Я потянулся к мохначу, тот юркнул
обратно в рукав.
— Бесполезно, — сказал Казимир. — В
чужие руки он не дается. Подсунуть его кому-то другому тоже нельзя — вернется.
И уничтожить нельзя. Я пытался раздавить его, сжечь, бросить с моста — ничего
не получилось. Попросту не смог поймать. Эта тварь знает все, о чем я думаю.
Контролирует меня. Один раз я попытался покончить с собой, но не смог — просто
онемели руки и ноги.
Он улыбнулся:
— Так и живу. Ни дома, ни семьи, ни
друзей. Уже иммунитет выработался ко всем этим страданиям. Меня бьют — а мне
смешно. Ну, побьют и отпустят, подумаешь — в первый раз, что ли. Жить-то все
равно буду… Хотя мохнач постоянно придумывает для меня
новые пытки. С фантазией у него полный порядок.

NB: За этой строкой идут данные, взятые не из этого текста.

Lemma Z2_proj_diag (psi : 'cV[C]_2) k :
  E (proj psi) k k = (normc (psi 0 0) ^+ 2)%:C * E (delta_mx 0 0) k k
                   + (normc (psi 1 0) ^+ 2)%:C * E (delta_mx 1 1) k k.
Proof.
rewrite linear_mx2E !big_ord2 !projE -!mulcJ_normc.
by case: (ord2_cases k) => ->; rewrite !Z2_delta_entries0; ring.
Qed.

Lemma Z2_proj_offdiag (psi : 'cV[C]_2) k l : k != l ->
  E (proj psi) k l = psi 0 0 * conjc (psi 1 0) * E (delta_mx 0 1) k l
                   + psi 1 0 * conjc (psi 0 0) * E (delta_mx 1 0) k l.
Proof.
rewrite linear_mx2E !big_ord2 !projE.
by case: (ord2_cases k) => ->; case: (ord2_cases l) => -> // _; rewrite !Z2_delta_entries0; ring.
Qed.

Hypothesis E_cp : completely_positive E.

Lemma Z2_choi_ge0 (s1 t1 s2 t2 : C) :
  0 <= conjc s1 * s1 * E (delta_mx 0 0) 0 0 + conjc t1 * t1 * E (delta_mx 1 1) 1 1
       + conjc s1 * t1 * E (delta_mx 0 1) 0 1 + conjc t1 * s1 * E (delta_mx 1 0) 1 0
       + conjc s2 * s2 * E (delta_mx 0 0) 1 1 + conjc t2 * t2 * E (delta_mx 1 1) 0 0
       + conjc s2 * t2 * E (delta_mx 0 1) 1 0 + conjc t2 * s2 * E (delta_mx 1 0) 0 1.
Proof.
pose w (p : 'I_2 * 'I_2) :=
  if p.1 == 0 then (if p.2 == 0 then s1 else s2) else (if p.2 == 0 then t2 else t1).
have /psdFE/(_ w) := @E_cp 2 _ (@max_entangled_psd R).
rewrite sum_pair2 !big_ord2 !ampl_max_entangled !Z2_delta_entries0 /w /=.
by move/le_trans; apply; rewrite le_eqVlt; apply/orP; left; apply/eqP; ring.
Qed.

Lemma Z2_choi_diag_ge0 i k : 0 <= E (delta_mx i i) k k.
Proof.
case: (ord2_cases i) => ->; case: (ord2_cases k) => ->;
  [ have := Z2_choi_ge0 1 0 0 0 | have := Z2_choi_ge0 0 0 1 0
  | have := Z2_choi_ge0 0 0 0 1 | have := Z2_choi_ge0 0 1 0 0 ];
  by rewrite conjc0 conjc1 !(mul0r, mulr0, mul1r, addr0, add0r).
Qed.
End CovariantMap.

Section UpperBound.
Variable R : rcfType.
Local Notation C := R[i].

Variables (E : {linear 'M[C]_2 -> 'M[C]_2}) (psi phi : 'cV[C]_2) (lam : R).
Hypotheses (E_op : Z2_operation E) (E_psi : E (proj psi) = lam%:C *: proj phi).

Let E_cp : completely_positive E. Proof. by case: E_op. Qed.
Let E_tni : trace_nonincreasing E. Proof. by case: E_op. Qed.
Let E_Z2 : Z2_invariant E. Proof. by case: E_op. Qed.

(* [p i k] is the probability that [E] maps |i><i| to |k><k| *)
Let p i k := complex.Re (E (delta_mx i i) k k).

Lemma Z2_delta_diagE i k : E (delta_mx i i) k k = (p i k)%:C.
Proof. exact/ge0_complexE/Z2_choi_diag_ge0. Qed.

Lemma Z2_transition_ge0 i k : 0 <= p i k.
Proof. by rewrite -ler0c -Z2_delta_diagE; apply: Z2_choi_diag_ge0. Qed.

Lemma Z2_transition_sum_le1 i : p i 0 + p i 1 <= 1.
Proof.
have := E_tni (psd_delta_diag i); rewrite /mxtrace !big_ord2 !Z2_delta_diagE.
rewrite !mxE -real_complexD; case: (ord2_cases i) => -> /=;
  by rewrite ?addr0 ?add0r -(rmorph1 (real_complex R)) lecR.
Qed.

Local Notation x := (normc (psi 0 0) ^+ 2).
Local Notation y := (normc (psi 1 0) ^+ 2).
Local Notation u := (normc (phi 0 0) ^+ 2).
Local Notation v := (normc (phi 1 0) ^+ 2).

Lemma Z2_population_eq k : x * p 0 k + y * p 1 k = lam * normc (phi k 0) ^+ 2.
Proof.
apply: (@complexI R); rewrite -[LHS]/(_%:C) -[RHS]/(_%:C).
have := congr1 (fun M : 'M[C]_2 => M k k) E_psi.
rewrite /= (Z2_proj_diag E_Z2) !Z2_delta_diagE mxE projE mulcJ_normc.
by rewrite real_complexD !real_complexM.
Qed.

Local Notation a := (psi 0 0).
Local Notation b := (psi 1 0).
Local Notation c := (phi 0 0).
Local Notation d := (phi 1 0).

Lemma Z2_coherence_ineq (al be ga de : R) :
  0 <= al ^+ 2 * be ^+ 2 * x * v * p 0 0 + al ^+ 2 * de ^+ 2 * x * u * p 0 1
       + be ^+ 2 * ga ^+ 2 * y * v * p 1 0 + ga ^+ 2 * de ^+ 2 * y * u * p 1 1
       - 2 * (al * be * ga * de) * lam * u * v.
Proof.
(* at this vector the off-diagonal part of the Choi form only involves the
   coherences of [E (proj psi) = lam%:C *: proj phi] *)
rewrite -ler0c; apply: le_trans (Z2_choi_ge0 E_Z2 E_cp
  (al%:C * be%:C * conjc (a * d)) (- (ga%:C * de%:C * conjc (b * c)))
  (al%:C * de%:C * conjc (a * c)) (- (be%:C * ga%:C * conjc (b * d)))) _.
rewrite le_eqVlt; apply/orP; left; apply/eqP/eqP; rewrite -subr_eq0; apply/eqP.
transitivity (- (al%:C * be%:C * ga%:C * de%:C) *
  (conjc c * d * (E (proj psi) 0 1 - lam%:C * (c * conjc d))
   + c * conjc d * (E (proj psi) 1 0 - lam%:C * (d * conjc c)))).
  have normcE (z : C) : (normc z)%:C ^+ 2 = z * conjc z.
    by rewrite -real_complexX mulcJ_normc.
  rewrite !Z2_delta_diagE !(conjcM, conjcN, conjcK, conjc_real) !(Z2_proj_offdiag E_Z2) //.
  ring: (normcE a) (normcE b) (normcE c) (normcE d).
by rewrite E_psi ![(_ *: proj phi) _ _]mxE !projE !subrr; ring.
Qed.

Lemma Z2_operation_prob_le : 0 < coh phi -> lam <= coh psi / coh phi.
Proof.
rewrite /coh => coh_gt0.
have min_gt0 : 0 < Num.min u v by rewrite -(pmulr_rgt0 _ (ltr0n _ 2)).
have x0 := sqr_ge0 (normc a); have y0 := sqr_ge0 (normc b).
have u0 := sqr_ge0 (normc c); have v0 := sqr_ge0 (normc d).
have p_ge0 := Z2_transition_ge0; have e0 := Z2_population_eq 0; have e1 := Z2_population_eq 1.
have [b0 b1] := choi_ineq_balance x0 y0 u0 v0 (p_ge0 0 0) (p_ge0 0 1) (p_ge0 1 0) (p_ge0 1 1)
  e0 e1 Z2_coherence_ineq.
have le_lam := balance_min_le x0 y0 min_gt0 (p_ge0 0 0) (p_ge0 0 1) (p_ge0 1 0) (p_ge0 1 1)
  (Z2_transition_sum_le1 0) (Z2_transition_sum_le1 1) e0 e1 b0 b1.
have min_xy_ge0 : 0 <= Num.min x y by rewrite le_min x0 y0.
by rewrite ler_pdivlMr //; lra.
Qed.
End UpperBound.

Theorem theorem14 (R : rcfType) (psi phi : 'cV[R[i]]_2) :
  pure_state psi -> pure_state phi -> coh psi < coh phi ->
  is_max_prob psi phi (coh psi / coh phi).
Proof.
move=> psi1 phi1 lt_coh; split; first exact: coh_ratio_achievable.
have coh_phi_gt0 : 0 < coh phi.
  by apply: le_lt_trans lt_coh; rewrite mulr_ge0 // le_min !sqr_ge0.
by move=> lam [E [E_op E_psi]]; apply: Z2_operation_prob_le E_op E_psi coh_phi_gt0.
Qed.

Я задумался. Черный мохнач, уловив ход
моих мыслей, снова высунулся из рукава.
— Правильно ли я тебя понял, друг мой:
этот малыш приносит неприятности, но при этом защищает от еще больших
неприятностей?
— Можно и так сказать. Хотя я уже
миллион раз пожалел, что взял его тогда…
— Отдай его мне, — потребовал я.
— Вы уверены?
— Уверен.
Казимир заволновался. Сбивчиво заговорил:
— Я не хочу быть, как тот старик! Он, по
сути, обманул меня… но я же честно рассказал вам, как
все было! Портить вам жизнь я не хочу!
— Ты ее уже не испортишь. Итак, что я
должен сделать?
— Нужно… нужно просто сказать, что
хотите обладать им!
— Отлично. Черный мохнач, я твой новый
хозяин!
Черная гусеница соскользнула в
протянутую мной ладонь и побежала по руке. Было щекотно.
— Скорее, он теперь ваш хозяин… — сказал
Казимир и замер с полуоткрытым ртом, осознав, что произошло, не веря своему
счастью.
Пока он так сидел, я отпер сейф и достал
пачку денег.
— Это тебе. Купи себе новую гитару.
Казимир совсем оторопел:
— Здесь слишком много!
— Не слишком. Хватило бы купить день-два
отсрочки, не более. Так понимаю, мне эти деньги уже не понадобятся.
— Спасибо! Спасибо! — закричал он и
кинулся обнимать меня.
Я разрешил Казимиру переночевать в
комнате для гостей. Утром его уже не было.
Еще через день я узнал из новостей, что
криминальный авторитет, которому я был должен, погиб в автомобильной
катастрофе. Его бывшие подчиненные тут же устроили грызню
за власть, и им стало не до меня. А мне — не до них: мой уютный особнячок
вскоре сгорел дотла. Взорвалась микроволновая печь. Перед тем, как запылал весь
дом, я только и успел, что выскочить наружу вместе со стареньким походным
рюкзаком, в который заблаговременно сложил самые нужные вещи.
Так и начались мои странствия, как
сказал бы Казимир. Кстати, о Казимире: как-то раз я увидел его на экране сразу
нескольких телевизоров. Без бороды его трудно было узнать, но я был уверен, что
это он, мой гость, который спас меня от страшной смерти и стоял теперь на
сцене, с гитарой, перед полным залом публики.
Черный мохнач выглянул из рукава и тут
же спрятался обратно. Прежний владелец его не особенно интересовал.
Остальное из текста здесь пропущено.